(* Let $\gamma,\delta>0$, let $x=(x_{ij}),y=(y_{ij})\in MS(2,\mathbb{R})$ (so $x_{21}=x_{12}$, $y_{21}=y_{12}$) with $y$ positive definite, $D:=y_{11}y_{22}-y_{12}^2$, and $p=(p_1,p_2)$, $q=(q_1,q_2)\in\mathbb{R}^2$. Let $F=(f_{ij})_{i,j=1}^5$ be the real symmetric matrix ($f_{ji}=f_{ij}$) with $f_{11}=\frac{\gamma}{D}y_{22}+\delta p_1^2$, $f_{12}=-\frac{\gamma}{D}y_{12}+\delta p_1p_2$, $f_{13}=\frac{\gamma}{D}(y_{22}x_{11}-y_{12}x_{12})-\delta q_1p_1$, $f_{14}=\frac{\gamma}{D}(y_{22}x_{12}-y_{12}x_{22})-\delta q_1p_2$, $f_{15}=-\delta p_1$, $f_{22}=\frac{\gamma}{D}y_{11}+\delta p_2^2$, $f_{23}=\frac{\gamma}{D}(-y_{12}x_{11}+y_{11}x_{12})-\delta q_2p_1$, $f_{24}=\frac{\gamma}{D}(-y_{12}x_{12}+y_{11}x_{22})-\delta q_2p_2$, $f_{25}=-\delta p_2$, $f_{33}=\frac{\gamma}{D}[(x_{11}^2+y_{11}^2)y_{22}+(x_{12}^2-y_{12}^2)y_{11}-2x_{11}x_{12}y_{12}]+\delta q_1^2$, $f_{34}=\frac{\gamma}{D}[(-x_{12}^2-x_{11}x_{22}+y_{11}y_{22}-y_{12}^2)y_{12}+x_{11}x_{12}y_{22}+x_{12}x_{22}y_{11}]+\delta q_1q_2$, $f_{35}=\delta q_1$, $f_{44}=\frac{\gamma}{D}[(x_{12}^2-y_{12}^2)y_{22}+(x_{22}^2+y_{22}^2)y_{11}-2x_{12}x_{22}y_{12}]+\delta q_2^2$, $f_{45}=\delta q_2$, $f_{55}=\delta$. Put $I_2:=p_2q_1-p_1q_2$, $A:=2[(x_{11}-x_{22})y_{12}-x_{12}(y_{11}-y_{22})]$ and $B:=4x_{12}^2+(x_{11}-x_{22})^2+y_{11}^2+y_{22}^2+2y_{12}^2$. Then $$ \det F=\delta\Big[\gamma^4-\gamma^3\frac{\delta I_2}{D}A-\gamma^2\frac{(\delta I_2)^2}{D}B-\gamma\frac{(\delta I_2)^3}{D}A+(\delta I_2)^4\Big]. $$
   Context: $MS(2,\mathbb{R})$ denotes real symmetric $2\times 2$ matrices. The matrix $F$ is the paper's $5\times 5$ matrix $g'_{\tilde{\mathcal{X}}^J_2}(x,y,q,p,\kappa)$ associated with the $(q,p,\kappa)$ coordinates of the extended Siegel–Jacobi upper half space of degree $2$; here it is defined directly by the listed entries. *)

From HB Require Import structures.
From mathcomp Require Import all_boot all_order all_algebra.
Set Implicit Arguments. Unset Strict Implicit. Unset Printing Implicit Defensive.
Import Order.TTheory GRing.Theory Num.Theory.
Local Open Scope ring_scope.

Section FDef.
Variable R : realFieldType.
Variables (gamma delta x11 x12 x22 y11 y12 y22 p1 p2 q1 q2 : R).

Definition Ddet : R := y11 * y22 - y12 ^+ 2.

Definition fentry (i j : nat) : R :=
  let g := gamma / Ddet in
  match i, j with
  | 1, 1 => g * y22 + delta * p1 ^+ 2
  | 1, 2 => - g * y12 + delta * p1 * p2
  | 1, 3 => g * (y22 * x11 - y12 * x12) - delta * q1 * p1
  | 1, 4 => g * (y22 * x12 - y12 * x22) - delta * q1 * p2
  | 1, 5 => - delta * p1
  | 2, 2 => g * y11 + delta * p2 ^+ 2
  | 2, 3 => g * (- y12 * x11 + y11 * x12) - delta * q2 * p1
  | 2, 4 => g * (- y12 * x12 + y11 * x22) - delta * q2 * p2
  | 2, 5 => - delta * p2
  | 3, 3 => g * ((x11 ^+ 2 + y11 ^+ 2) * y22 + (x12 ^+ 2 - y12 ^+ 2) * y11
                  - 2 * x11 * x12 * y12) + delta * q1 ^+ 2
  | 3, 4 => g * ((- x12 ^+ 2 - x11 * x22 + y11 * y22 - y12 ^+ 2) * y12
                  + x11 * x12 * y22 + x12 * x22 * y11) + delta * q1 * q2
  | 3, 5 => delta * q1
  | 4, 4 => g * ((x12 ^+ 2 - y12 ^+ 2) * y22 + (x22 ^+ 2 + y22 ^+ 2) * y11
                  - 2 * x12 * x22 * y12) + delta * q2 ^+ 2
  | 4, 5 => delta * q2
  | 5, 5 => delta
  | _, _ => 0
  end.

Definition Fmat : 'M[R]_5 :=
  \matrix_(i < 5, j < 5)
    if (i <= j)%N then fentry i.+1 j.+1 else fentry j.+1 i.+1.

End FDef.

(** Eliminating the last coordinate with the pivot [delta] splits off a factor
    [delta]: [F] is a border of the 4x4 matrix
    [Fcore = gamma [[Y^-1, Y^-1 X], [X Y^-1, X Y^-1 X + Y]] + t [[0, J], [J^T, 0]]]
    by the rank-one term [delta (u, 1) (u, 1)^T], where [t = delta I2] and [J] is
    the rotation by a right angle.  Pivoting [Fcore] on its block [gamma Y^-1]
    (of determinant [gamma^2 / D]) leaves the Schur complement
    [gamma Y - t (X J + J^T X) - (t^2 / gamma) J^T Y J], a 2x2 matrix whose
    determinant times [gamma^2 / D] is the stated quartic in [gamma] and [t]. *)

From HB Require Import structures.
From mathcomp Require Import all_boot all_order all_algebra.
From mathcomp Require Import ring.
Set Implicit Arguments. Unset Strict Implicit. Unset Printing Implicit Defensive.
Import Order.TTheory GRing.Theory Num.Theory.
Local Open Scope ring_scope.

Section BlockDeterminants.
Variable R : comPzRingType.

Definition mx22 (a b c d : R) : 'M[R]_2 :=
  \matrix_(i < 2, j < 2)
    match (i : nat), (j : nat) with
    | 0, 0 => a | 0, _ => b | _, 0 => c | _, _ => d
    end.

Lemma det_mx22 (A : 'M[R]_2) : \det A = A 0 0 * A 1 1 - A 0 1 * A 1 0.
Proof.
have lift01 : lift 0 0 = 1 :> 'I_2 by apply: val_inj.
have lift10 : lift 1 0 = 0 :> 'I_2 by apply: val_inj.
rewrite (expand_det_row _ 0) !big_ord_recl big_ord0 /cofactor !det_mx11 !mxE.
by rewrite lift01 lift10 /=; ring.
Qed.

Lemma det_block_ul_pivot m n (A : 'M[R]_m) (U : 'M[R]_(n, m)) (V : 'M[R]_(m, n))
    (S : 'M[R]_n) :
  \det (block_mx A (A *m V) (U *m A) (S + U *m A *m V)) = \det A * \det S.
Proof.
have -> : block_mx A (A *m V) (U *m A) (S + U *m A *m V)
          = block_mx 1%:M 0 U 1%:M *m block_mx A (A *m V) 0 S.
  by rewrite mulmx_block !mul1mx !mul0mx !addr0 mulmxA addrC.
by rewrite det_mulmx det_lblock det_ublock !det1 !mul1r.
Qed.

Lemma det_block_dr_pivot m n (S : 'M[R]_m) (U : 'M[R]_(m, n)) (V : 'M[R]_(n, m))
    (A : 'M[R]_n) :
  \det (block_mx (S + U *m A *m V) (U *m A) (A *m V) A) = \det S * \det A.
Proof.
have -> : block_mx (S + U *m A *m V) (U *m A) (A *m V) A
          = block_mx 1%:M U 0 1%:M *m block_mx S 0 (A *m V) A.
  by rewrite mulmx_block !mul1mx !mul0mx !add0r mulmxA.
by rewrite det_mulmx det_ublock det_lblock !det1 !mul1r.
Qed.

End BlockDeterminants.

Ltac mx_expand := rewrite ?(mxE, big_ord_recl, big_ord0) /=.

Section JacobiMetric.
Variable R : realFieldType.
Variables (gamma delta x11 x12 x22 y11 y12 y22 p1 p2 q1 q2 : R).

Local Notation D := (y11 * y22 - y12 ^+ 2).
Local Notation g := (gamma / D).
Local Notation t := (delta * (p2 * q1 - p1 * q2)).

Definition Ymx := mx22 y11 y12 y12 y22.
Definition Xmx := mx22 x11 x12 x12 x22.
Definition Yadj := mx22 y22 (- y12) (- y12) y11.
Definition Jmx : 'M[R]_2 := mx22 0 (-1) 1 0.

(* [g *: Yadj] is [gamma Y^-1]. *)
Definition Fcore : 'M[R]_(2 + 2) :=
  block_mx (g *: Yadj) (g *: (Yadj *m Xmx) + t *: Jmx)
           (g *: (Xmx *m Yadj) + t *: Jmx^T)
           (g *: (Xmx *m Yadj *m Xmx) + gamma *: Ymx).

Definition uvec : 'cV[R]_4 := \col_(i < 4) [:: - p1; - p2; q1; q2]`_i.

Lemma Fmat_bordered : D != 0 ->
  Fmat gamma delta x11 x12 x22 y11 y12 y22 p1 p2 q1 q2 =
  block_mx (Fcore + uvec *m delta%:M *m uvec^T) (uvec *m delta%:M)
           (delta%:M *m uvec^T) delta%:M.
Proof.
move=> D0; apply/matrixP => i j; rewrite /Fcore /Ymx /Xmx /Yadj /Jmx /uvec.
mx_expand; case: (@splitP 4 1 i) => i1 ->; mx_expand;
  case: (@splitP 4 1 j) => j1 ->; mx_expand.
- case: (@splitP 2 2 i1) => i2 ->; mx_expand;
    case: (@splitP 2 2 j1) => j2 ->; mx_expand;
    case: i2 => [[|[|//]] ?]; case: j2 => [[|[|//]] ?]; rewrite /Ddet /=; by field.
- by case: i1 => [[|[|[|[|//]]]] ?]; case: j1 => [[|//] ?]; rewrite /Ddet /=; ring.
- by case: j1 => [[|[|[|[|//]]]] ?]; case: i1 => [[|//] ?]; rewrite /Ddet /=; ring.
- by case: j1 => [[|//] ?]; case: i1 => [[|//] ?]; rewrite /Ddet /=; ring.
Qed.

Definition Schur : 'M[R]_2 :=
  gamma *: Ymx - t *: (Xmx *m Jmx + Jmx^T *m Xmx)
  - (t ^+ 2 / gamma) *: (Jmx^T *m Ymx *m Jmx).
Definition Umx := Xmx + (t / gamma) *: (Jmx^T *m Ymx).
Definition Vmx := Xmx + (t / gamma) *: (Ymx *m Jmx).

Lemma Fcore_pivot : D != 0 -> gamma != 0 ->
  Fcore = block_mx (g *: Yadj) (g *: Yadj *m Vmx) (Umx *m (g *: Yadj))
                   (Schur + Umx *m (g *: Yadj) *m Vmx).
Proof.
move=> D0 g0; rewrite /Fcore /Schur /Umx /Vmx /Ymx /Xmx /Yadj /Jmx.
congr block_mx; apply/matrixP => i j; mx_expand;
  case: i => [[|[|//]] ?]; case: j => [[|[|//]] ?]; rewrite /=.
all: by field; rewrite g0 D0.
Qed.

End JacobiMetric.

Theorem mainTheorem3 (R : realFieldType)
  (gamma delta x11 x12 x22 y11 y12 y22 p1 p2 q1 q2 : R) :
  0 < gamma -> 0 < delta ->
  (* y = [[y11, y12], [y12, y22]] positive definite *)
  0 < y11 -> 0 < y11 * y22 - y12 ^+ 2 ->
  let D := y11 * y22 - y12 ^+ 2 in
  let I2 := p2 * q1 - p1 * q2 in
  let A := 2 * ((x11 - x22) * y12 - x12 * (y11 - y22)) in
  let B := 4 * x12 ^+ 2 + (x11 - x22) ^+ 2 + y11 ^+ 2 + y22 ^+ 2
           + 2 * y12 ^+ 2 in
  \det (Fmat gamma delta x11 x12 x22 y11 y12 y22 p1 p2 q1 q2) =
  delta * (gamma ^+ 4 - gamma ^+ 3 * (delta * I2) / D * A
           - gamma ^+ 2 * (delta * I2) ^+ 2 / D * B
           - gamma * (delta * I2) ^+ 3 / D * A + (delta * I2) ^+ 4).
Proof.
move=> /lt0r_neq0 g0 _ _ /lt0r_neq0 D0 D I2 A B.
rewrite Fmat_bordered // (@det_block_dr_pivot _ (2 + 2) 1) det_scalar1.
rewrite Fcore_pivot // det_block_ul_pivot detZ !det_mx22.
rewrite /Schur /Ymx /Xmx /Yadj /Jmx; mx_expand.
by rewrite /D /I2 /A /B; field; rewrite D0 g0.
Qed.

======

Would you please copy, word for word, everything above from the line containing "From mathcomp Require Import ring." down to the line containing "have lift01 : lift", those two lines included?

Result of this exercise
From mathcomp Require Import ring.
Set Implicit Arguments. Unset Strict Implicit. Unset Printing Implicit Defensive.
Import Order.TTheory GRing.Theory Num.Theory.
Local Open Scope ring_scope.

Section BlockDeterminants.
Variable R : comPzRingType.

Definition mx22 (a b c d : R) : 'M[R]_2 :=
  \matrix_(i < 2, j < 2)
    match (i : nat), (j : nat) with
    | 0, 0 => a | 0, _ => b | _, 0 => c | _, _ => d
    end.

Lemma det_mx22 (A : 'M[R]_2) : \det A = A 0 0 * A 1 1 - A 0 1 * A 1 0.
Proof.
have lift01 : lift 0 0 = 1 :> 'I_2 by apply: val_inj.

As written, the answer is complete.